SOURCE RECORDS section start
Lemma codeA_mu : 1 < n -> codeA (mu s) =
  [seq n - a | a <- rev [seq i <- iota 1 (n - 2) | i \notin [seq a.-1 | a <- codeA (lambda s)]]].
Proof.
move=> n_gt1; apply: (irr_sorted_eq ltn_trans ltnn).
- rewrite (mu_complement_rev s_perm).
  exact: sorted_codeA_lambda (perm_iota_complement_rev s_perm) n_gt0.
- by apply: sorted_map_subn_filter_iota; lia.
move=> x; rewrite mem_map_subn_filter_iota; last lia.
have codeA_pred a : (a \in [seq a.-1 | a <- codeA (lambda s)]) ->
    exists j, [/\ j < n, ltr_min s j, nth 0 s j != 1 & a = n - nth 0 s j].
  case/mapP=> b /(mem_codeA_lambda s_perm _ n_gt0)[j [j_lt ltr_j s_j b_eq]] a_eq.
  exists j; split=> //; rewrite a_eq b_eq subSn //.
  by case/andP: (nth_perm_iota s_perm j_lt).
apply/idP/idP => [/mem_codeA_mu[i [i_lt max_i s_i ->]]|/and3P[x_lt x_ge x_notin]].
  have := nth_perm_iota s_perm i_lt; have := not_ltr_min_rtl_max n_gt1 i_lt.
  rewrite max_i andbT => not_min s_i_in.
  have s_i1 : nth 0 s i != 1 by exact: contraNneq (ltr_min_nth_eq1 s_perm i_lt) not_min.
  apply/and3P; split; [lia | lia |]; apply/negP => /codeA_pred[j [j_lt ltr_j _ eq_ij]].
  have s_j_in := nth_perm_iota s_perm j_lt.
  have ij : i = j by apply: (nth_perm_iota_inj s_perm i_lt j_lt); lia.
  by rewrite ij ltr_j in not_min.
have [i_lt s_i] : index x s < n /\ nth 0 s (index x s) = x.
  by apply: index_perm_iota; lia.
apply/mem_codeA_mu; exists (index x s); rewrite s_i; split=> //; last lia.
have := ltr_min_or_rtl_max i_lt; case min_i: ltr_min => //= _.
move/negP: x_notin; case; apply/mapP; exists (n.+1 - x); last by rewrite subSn // ltnW.
by apply/(mem_codeA_lambda s_perm _ n_gt0); exists (index x s); rewrite s_i; split=> //; lia.
Qed.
SOURCE RECORDS section end
WHAT TO WORK ON: Output, from the data above, the lines from the line with "move=> n_gt1; apply: (irr_sorted_eq" to the line with "have codeA_pred a" exactly as they stand, both ends included and nothing else.

RESPONSE:
move=> n_gt1; apply: (irr_sorted_eq ltn_trans ltnn).
- rewrite (mu_complement_rev s_perm).
  exact: sorted_codeA_lambda (perm_iota_complement_rev s_perm) n_gt0.
- by apply: sorted_map_subn_filter_iota; lia.
move=> x; rewrite mem_map_subn_filter_iota; last lia.
have codeA_pred a : (a \in [seq a.-1 | a <- codeA (lambda s)]) ->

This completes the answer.